Sondergipfel der EU-Gesundheitsminister

Da das Coronavirus nicht nur Österreich betrifft, wird am Freitag in Brüssel ein Sondergipfel der Gesundheitsminister tagen. Hier sollen Wege gefunden werden, um noch besser zusammenzuarbeiten. Als europäisches Hauptsorgenland gilt weiterhin Italien, wo 95 Prozent der europäischen Todesfälle verzeichnet wurden.

Dass das Nachbarland so betroffen ist, hat laut den Experten zwei Gründe: Zum einen den besonders starken Tourismus aus China und enge wirtschaftliche Verbindungen. Dazu kommt laut Franz Allerberger von der AGES die Nähe zu Afrika, in dem das Virus wesentlich stärker verbreitet ist als offiziell angegeben. In Österreichs südlichem Nachbarland hatten sich bis Montag 1.835 Personen angesteckt, 52 Menschen starben. Die Zahl der bisher genesenen Patienten stieg auf 149. 50 Prozent der Infizierten würden keine Symptome vorweisen.

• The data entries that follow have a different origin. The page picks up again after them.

(* Fix a set U of fewer than kappa permutations and join x to y when x and y lie
   in a common block of A, or y = u x or x = u y for some u in U.  Every element
   of S_(A) and of U moves points by at most 1 in the path metric of this graph,
   and the permutations bounded for a metric form a group, so all of
   <S_(A) u U> is bounded.  A ball of radius n is covered by n steps in the
   graph, each adding a block and fewer than kappa images of a point; by
   regularity of kappa balls are thus smaller than kappa when the blocks are,
   uniformly so when the block sizes have a common bound lambda < kappa.
   Conversely, if d is kappa-uncrowded and some block has size >= kappa, or if d
   is uniformly kappa-uncrowded and the block sizes have no common bound below
   kappa, then for every n and every finite F some block contains two points
   outside F at distance >= n.  Choosing such pairs successively disjoint, the
   involution exchanging the two points of each pair lies in S_(A) and is
   unbounded.  U = {} gives (a)-(c); a set U witnessing S_(B) <=_kappa S_(A)
   would make S_(B) bounded for a metric that (a) or (b) rules out. *)

From mathcomp Require Import all_boot all_order all_algebra.
From mathcomp Require Import boolp classical_sets functions cardinality reals ereal.
Set Implicit Arguments. Unset Strict Implicit. Unset Printing Implicit Defensive.
Import Order.TTheory GRing.Theory Num.Theory.
Local Open Scope classical_set_scope.
Local Open Scope card_scope.

Section CardinalComparison.
Variables T U : Type.

Lemma card_le_of_inj (A : set T) (B : set U) (f : T -> U) :
  (forall x, A x -> B (f x)) -> (forall x y, A x -> A y -> f x = f y -> x = y) ->
  A #<= B.
Proof.
move=> fAB finj; have [g] : $|{injfun A >-> B}|.
  by apply/injfunPex; exists f => // x y /set_mem Ax /set_mem Ay; apply: finj.
exact: inj_card_le g.
Qed.

Lemma card_le_inj (A : set T) (B : set U) : A !=set0 -> A #<= B ->
  exists f : T -> U, (forall x, A x -> B (f x)) /\
    (forall x y, A x -> A y -> f x = f y -> x = y).
Proof.
move=> [a0 Aa0] /card_leP[f].
pose g x := if pselect (A x) is left Ax then val (f (exist _ x (mem_set Ax)))
            else val (f (exist _ a0 (mem_set Aa0))).
exists g; split=> [x Ax|x y Ax Ay]; rewrite /g.
  by case: pselect => // Ax'; apply: set_valP.
case: pselect => // Ax'; case: pselect => // Ay'.
by move=> /val_inj /(@inj _ _ _ f) => /(_ (mem_set I) (mem_set I)) [].
Qed.

Definition partial_bij (X : set T) (Y : set U) (G : set (T * U)) :=
  [/\ G `<=` X `*` Y,
      forall p q, G p -> G q -> p.1 = q.1 -> p.2 = q.2 &
      forall p q, G p -> G q -> p.2 = q.2 -> p.1 = q.1].

Lemma partial_bij_card_le X Y G : partial_bij X Y G -> X `<=` fst @` G -> X #<= Y.
Proof.
move=> [GXY Gfun Ginj] domG.
have [->|/set0P[x0 Xx0]] := eqVneq X set0; first exact: card_ge0.
have [[_ y0] _ _] := domG x0 Xx0.
have /choice[f fG] : forall x, exists y, X x -> G (x, y).
  move=> x; have [Xx|] := pselect (X x); last by exists y0.
  by have [[x' y] Gxy /= <-] := domG x Xx; exists y.
apply: (@card_le_of_inj _ _ f) => [x /fG /GXY[]//|x x' /fG Gx /fG Gx' fxx'].
exact: Ginj Gx Gx' fxx'.
Qed.

End CardinalComparison.

Lemma partial_bij_swap T U (X : set T) (Y : set U) G :
  partial_bij X Y G -> partial_bij Y X [set p | G (p.2, p.1)].
Proof.
move=> [GXY Gfun Ginj]; split=> [[y x] /GXY[]//|p q Gp Gq|p q Gp Gq].
- exact: Ginj Gp Gq.
- exact: Gfun Gp Gq.
Qed.

Lemma partial_bij_bigcup T U (X : set T) (Y : set U) (F : set (set (T * U))) :
  F `<=` partial_bij X Y -> total_on F subset ->
  partial_bij X Y (\bigcup_(G in F) G).
Proof.
move=> FP Ftot.
have both p q : (\bigcup_(G in F) G) p -> (\bigcup_(G in F) G) q ->
    exists2 G, partial_bij X Y G & G p /\ G q.
  move=> [G1 FG1 G1p] [G2 FG2 G2q].
  by have [/(_ p G1p)|/(_ q G2q)] := Ftot _ _ FG1 FG2; [exists G2|exists G1];
    rewrite //; apply: FP.
split=> [p [G /FP[+ _ _] Gp]|p q Fp Fq|p q Fp Fq]; first exact.
  by have [G [_ + _] [Gp Gq]] := both p q Fp Fq; apply.
by have [G [_ _ +] [Gp Gq]] := both p q Fp Fq; apply.
Qed.

Lemma partial_bij_setU1 T U (X : set T) (Y : set U) G x0 y0 :
  partial_bij X Y G -> X x0 -> Y y0 -> ~ (fst @` G) x0 -> ~ (snd @` G) y0 ->
  partial_bij X Y (G `|` [set (x0, y0)]).
Proof.
move=> [GXY Gfun Ginj] Xx0 Yy0 nx0 ny0.
split=> [p [/GXY//|-> //]|p q|p q].
- move=> [Gp|->] [Gq|->] //= e; first exact: Gfun.
  + by case: nx0; exists p; rewrite // -e.
  + by case: nx0; exists q; rewrite // e.
- move=> [Gp|->] [Gq|->] //= e; first exact: Ginj.
  + by case: ny0; exists p; rewrite // -e.
  + by case: ny0; exists q; rewrite // e.
Qed.

Lemma card_le_total T U (X : set T) (Y : set U) : X #<= Y \/ Y #<= X.
Proof.
have [G [GP Gmax]] : exists G, partial_bij X Y G /\
    forall G', G `<` G' -> ~ partial_bij X Y G'.
  exact/Zorn_bigcup/partial_bij_bigcup.
have [domG|/nonsubset[x0 [Xx0 nx0]]] := pselect (X `<=` fst @` G).
  by left; apply: partial_bij_card_le GP domG.
have [ranG|/nonsubset[y0 [Yy0 ny0]]] := pselect (Y `<=` snd @` G).
  right; apply: partial_bij_card_le (partial_bij_swap GP) _.
  by move=> y /ranG[[x y'] Gp /= <-]; exists (y', x).
exfalso; apply: Gmax (partial_bij_setU1 GP Xx0 Yy0 nx0 ny0).
split=> [p|]; first by left.
by move=> /(_ (x0, y0) (or_intror erefl)) Gx0; apply: nx0; exists (x0, y0).
Qed.

Lemma card_ltP T U (X : set T) (Y : set U) : card_lt X Y <-> ~ (Y #<= X).
Proof.
split=> [[]//|nYX]; split=> //.
by have [//|/nYX] := card_le_total X Y.
Qed.

Lemma card_le_lt_trans T U V (X : set T) (Y : set U) (B : set V) :
  X #<= Y -> card_lt Y B -> card_lt X B.
Proof.
move=> XY [YB nBY]; split; first exact: card_le_trans XY YB.
by move=> BX; apply: nBY; apply: card_le_trans BX XY.
Qed.

Lemma card_lt_subset T V (X Y : set T) (B : set V) :
  X `<=` Y -> card_lt Y B -> card_lt X B.
Proof. by move=> /subset_card_le; apply: card_le_lt_trans. Qed.

Lemma card_lt_repr K T (X : set T) : card_lt X [set: K] ->
  exists2 M : set K, card_lt M [set: K] & X #<= M.
Proof.
move=> XK; have /card_subP[M /card_eqPle[MX XM] _] := proj1 XK.
by exists M => //; apply: card_le_lt_trans MX XK.
Qed.

Lemma card_bigcup_le_setX I V T1 T2 (D : set I) (F : I -> set V)
    (L1 : set T1) (L2 : set T2) :
  D #<= L1 -> (forall i, D i -> F i #<= L2) -> \bigcup_(i in D) F i #<= L1 `*` L2.
Proof.
move=> DL FL.
have [->|/set0P[v0 [i0 Di0 Fv0]]] := eqVneq (\bigcup_(i in D) F i) set0.
  exact: card_ge0.
have [iota [iotaL iota_inj]] := card_le_inj (ex_intro _ i0 Di0) DL.
have [J0 _] := card_le_inj (ex_intro _ v0 Fv0) (FL _ Di0).
have /choice[J JP] : forall i, exists J : V -> T2, D i -> F i !=set0 ->
    (forall x, F i x -> L2 (J x)) /\
    (forall x y, F i x -> F i y -> J x = J y -> x = y).
  move=> i; have [[Di FiN0]|nDF] := pselect (D i /\ F i !=set0).
    by have [Ji JiP] := card_le_inj FiN0 (FL _ Di); exists Ji.
  by exists J0 => Di FiN0; case: nDF.
have /choice[sel selP] : forall v, exists i,
    (\bigcup_(i in D) F i) v -> D i /\ F i v.
  move=> v; have [[i Di Fiv]|nFv] := pselect ((\bigcup_(i in D) F i) v).
    by exists i.
  by exists i0 => /nFv.
apply: (@card_le_of_inj _ _ _ _ (fun v => (iota (sel v), J (sel v) v))).
  move=> v /selP[Dv Fv]; split; first exact: iotaL.
  by have [+ _] := JP _ Dv (ex_intro _ v Fv); apply.
move=> v w /selP[Dv Fv] /selP[Dw Fw] [/iota_inj es eJ].
rewrite -(es Dv Dw) in Fw eJ.
by have [_] := JP _ Dv (ex_intro _ v Fv); apply.
Qed.

Definition uniformly_small K I T (F : I -> set T) :=
  exists2 L : set K, card_lt L [set: K] & forall i, F i #<= L.

Lemma uniformly_small_sub K I T (F G : I -> set T) :
  (forall i, F i `<=` G i) -> uniformly_small K G -> uniformly_small K F.
Proof.
move=> FG [L LK GL]; exists L => // i.
exact: card_le_trans (subset_card_le (FG i)) (GL i).
Qed.

Section RegularCardinal.
Variable K : Type.
Hypotheses (K_inf : infinite_card K) (K_reg : regular_card K).

Lemma card_lt_finite T (F : set T) : finite_set F -> card_lt F [set: K].
Proof. by move=> Ffin; apply/card_ltP => /card_le_finite/(_ Ffin). Qed.

Lemma card_lt_bigcup I T (F : I -> set T) :
  card_lt [set: I] [set: K] -> (forall i, card_lt (F i) [set: K]) ->
  card_lt (\bigcup_i F i) [set: K].
Proof.
move=> IK FK; apply/card_ltP => KF.
have [h [hF h_inj]] := card_le_inj (infinite_setN0 K_inf) KF.
have FhK i : card_lt (h @^-1` F i) [set: K].
  apply: card_le_lt_trans (FK i).
  by apply: (@card_le_of_inj _ _ _ _ h) => // x y _ _; apply: h_inj.
apply: (proj2 (K_reg IK FhK)); apply: subset_card_le => k _.
by have [i _ Fi] := hF k Logic.I; exists i.
Qed.

Lemma card_lt_bigcup_set I T (D : set I) (F : I -> set T) :
  card_lt D [set: K] -> (forall i, D i -> card_lt (F i) [set: K]) ->
  card_lt (\bigcup_(i in D) F i) [set: K].
Proof.
move=> DK FK; rewrite bigcup_set_type; apply: card_lt_bigcup => [|i].
  by apply: card_le_lt_trans DK; have /card_eqPle[] := card_setT D.
exact/FK/set_valP.
Qed.

Lemma card_lt_setU T (X Y : set T) :
  card_lt X [set: K] -> card_lt Y [set: K] -> card_lt (X `|` Y) [set: K].
Proof.
move=> XK YK; rewrite -bigcup2inE; apply: card_lt_bigcup_set.
  exact/card_lt_finite/finite_II.
by move=> [|[|i]] //= _; apply: card_lt_finite; apply: finite_set0.
Qed.

Lemma card_lt_setX (L1 L2 : set K) : card_lt L1 [set: K] -> card_lt L2 [set: K] ->
  card_lt (L1 `*` L2) [set: K].
Proof.
move=> L1K L2K; apply: (@card_lt_subset _ _ _ (\bigcup_(i in L1) ([set i] `*` L2))).
  by move=> [x y] [/= L1x L2y]; exists x.
apply: card_lt_bigcup_set => // i _; apply: card_le_lt_trans L2K.
apply: (@card_le_of_inj _ _ _ _ snd) => [[x y] []//|].
by move=> [x y] [x' y'] [/= -> _] [/= -> _] /= ->.
Qed.

Lemma uniformly_small_bigcup I J T (G : I -> set J) (F : I -> J -> set T) :
  uniformly_small K G -> uniformly_small K (fun p : I * J => F p.1 p.2) ->
  uniformly_small K (fun i => \bigcup_(j in G i) F i j).
Proof.
move=> [L1 L1K GL] [L2 L2K FL].
have [L LK L12L] := card_lt_repr (card_lt_setX L1K L2K).
exists L => // i; apply: card_le_trans L12L.
by apply: card_bigcup_le_setX => // j _; apply: (FL (i, j)).
Qed.

Lemma uniformly_small_setU I T (F G : I -> set T) :
  uniformly_small K F -> uniformly_small K G ->
  uniformly_small K (fun i => F i `|` G i).
Proof.
move=> [LF LFK FL] [LG LGK GL].
apply: (@uniformly_small_sub _ _ _ _
  (fun i => \bigcup_(b in [set: bool]) (if b then F i else G i))).
  by move=> i x [Fx|Gx]; [exists true|exists false].
apply: uniformly_small_bigcup.
  have [M MK boolM] := card_lt_repr (card_lt_finite (@finite_finset bool setT)).
  by exists M.
exists (LF `|` LG); first exact: card_lt_setU.
move=> [i []] /=.
- by apply: card_le_trans (FL i) (subset_card_le _) => x; left.
- by apply: card_le_trans (GL i) (subset_card_le _) => x; right.
Qed.

End RegularCardinal.

Lemma exists_natr_ge (R : realType) (r : R) : exists n, (r <= n%:R)%R.
Proof.
exists (Num.bound `|r|); apply/ltW/(le_lt_trans (ler_norm r)).
exact/archi_boundP/normr_ge0.
Qed.

Section BoundedPermutations.
Variables (R : realType) (Om : Type) (d : Om -> Om -> \bar R).
Local Open Scope ereal_scope.

Lemma dnorm_le g M : (forall a, d a (g a) <= M) -> dnorm d g <= M.
Proof. by move=> dM; apply: ge_ereal_sup => _ [a _ <-]. Qed.

Lemma dnorm_ge g a : d a (g a) <= dnorm d g.
Proof. by apply: ereal_sup_ubound; exists a. Qed.

Lemma dnorm_unbounded g (x : nat -> Om) :
  (forall n, (n%:R)%:E <= d (x n) (g (x n))) -> ~ bounded_d d g.
Proof.
move=> dn; rewrite /bounded_d (@eq_infty _ (dnorm d g)) ?ltxx // => r.
have [n rn] := exists_natr_ge r; apply: le_trans (dnorm_ge g (x n)).
by apply: le_trans (dn n); rewrite lee_fin.
Qed.

Hypothesis d_metric : gen_metric d.

Lemma bounded_subgroup : is_subgroup [set f | Sym f /\ bounded_d d f].
Proof.
have [_ [d0 [dC dT]]] := d_metric.
split=> [f []//|]; split.
  split; first by exists id.
  by apply: le_lt_trans (ltey 0); apply: dnorm_le => a; rewrite (proj2 (d0 a a)).
split=> [f g [fS fb] [gS gb]|f [[g fg gf] fb]].
  split; first exact: bij_comp.
  apply: le_lt_trans (lte_add_pinfty fb gb); apply: dnorm_le => a /=.
  by apply: le_trans (dT a (f a) _) _; apply: leeD; apply: dnorm_ge.
exists g; last by split; apply/funext => x /=; [rewrite fg|rewrite gf].
split; first by exists f.
apply: le_lt_trans fb; apply: dnorm_le => a.
by rewrite -{1}(gf a) dC; apply: dnorm_ge.
Qed.

Lemma gen_bounded (X : set (Om -> Om)) :
  X `<=` [set f | Sym f /\ bounded_d d f] ->
  gen X `<=` [set f | Sym f /\ bounded_d d f].
Proof. by move=> XH f; apply; [exact: bounded_subgroup|]. Qed.

End BoundedPermutations.

Section PathMetric.
Variables (R : realType) (Om : Type) (e : Om -> Om -> Prop).
Hypotheses (e_refl : forall x, e x x) (e_sym : forall x y, e x y -> e y x).

Fixpoint reach n x y : Prop :=
  if n is m.+1 then exists2 z, reach m x z & e z y else x = y.

Lemma reach_le m n x y : (m <= n)%N -> reach m x y -> reach n x y.
Proof.
move=> /subnK <-; elim: (n - m)%N => // k IHk /IHk rxy.
by rewrite addSn; exists y.
Qed.

Lemma reach_trans m n x y z : reach m x y -> reach n y z -> reach (m + n) x z.
Proof.
elim: n z => [|n IHn] z rxy /=; first by move=> <-; rewrite addn0.
by move=> [w ryw ewz]; rewrite addnS; exists w => //; apply: IHn ryw.
Qed.

Lemma reach_sym n x y : reach n x y -> reach n y x.
Proof.
elim: n x y => [|n IHn] x y; first by move=> /= ->.
move=> [z rxz ezy]; rewrite -add1n; apply: reach_trans (IHn _ _ rxz).
by exists y; last exact: e_sym.
Qed.

Local Open Scope ereal_scope.

Definition path_dist x y : \bar R :=
  if pselect (exists n, `[< reach n x y >]) is left h then ((ex_minn h)%:R)%:E
  else +oo.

Zwar sank die Zahl der Neuinfektionen in Italien und vor allem in der am stärksten betroffenen Region Lombardei. Dennoch steht das lombardische Gesundheitssystem unter Druck. Die Krankenhäuser sind überlastet, die Behörden riefen daher private Kliniken auf, Betten für Patienten zur Verfügung zu stellen. Die Lombardei sucht zusätzliche Plätze für Patienten, die unter Quarantäne gestellt werden müssen.

Globales Phänomen

Weltweit haben sich laut dem Berliner Robert-Koch-Institut inzwischen rund 90.900 Menschen in 73 Ländern nachweislich mit dem neuen Coronavirus infiziert. Allein China hat nach offiziellen Angaben 80.280 Infizierte. „Das Geschehen verlagert sich etwas weg von China, und der Rest der Welt wird vermehrt betroffen“, so Schaade vom Robert-Koch-Institut. Seit Montag seien in China offiziell 115 Fälle hinzugekommen, in den restlichen 72 Ländern 1.700 Fälle. Es handele sich weiterhin um eine dynamische und ernstzunehmende Situation.

Außerhalb Chinas am stärksten betroffen ist Südkorea. Die Gesundheitsbehörden meldeten im Verlauf des Dienstags über 800 weitere Fälle, bei denen sich Menschen mit dem Erreger der Lungenkrankheit ansteckten. Die Gesamtzahl erreichte 5.186. Die Zahl der Todesfälle, die mit dem neuen Coronavirus in Verbindung gebracht werden, stieg im Vergleich zum Vortag um fünf auf 31.

Viele Neuinfektionen meldete auch der Iran. Insgesamt wurden nach offiziellen Angaben 2.336 Menschen – 835 mehr als am Vortag – positiv auf das Virus getestet. Die Zahl der Toten stieg innerhalb von 24 Stunden von 66 auf 77, wie das Gesundheitsministerium am Dienstag mitteilte.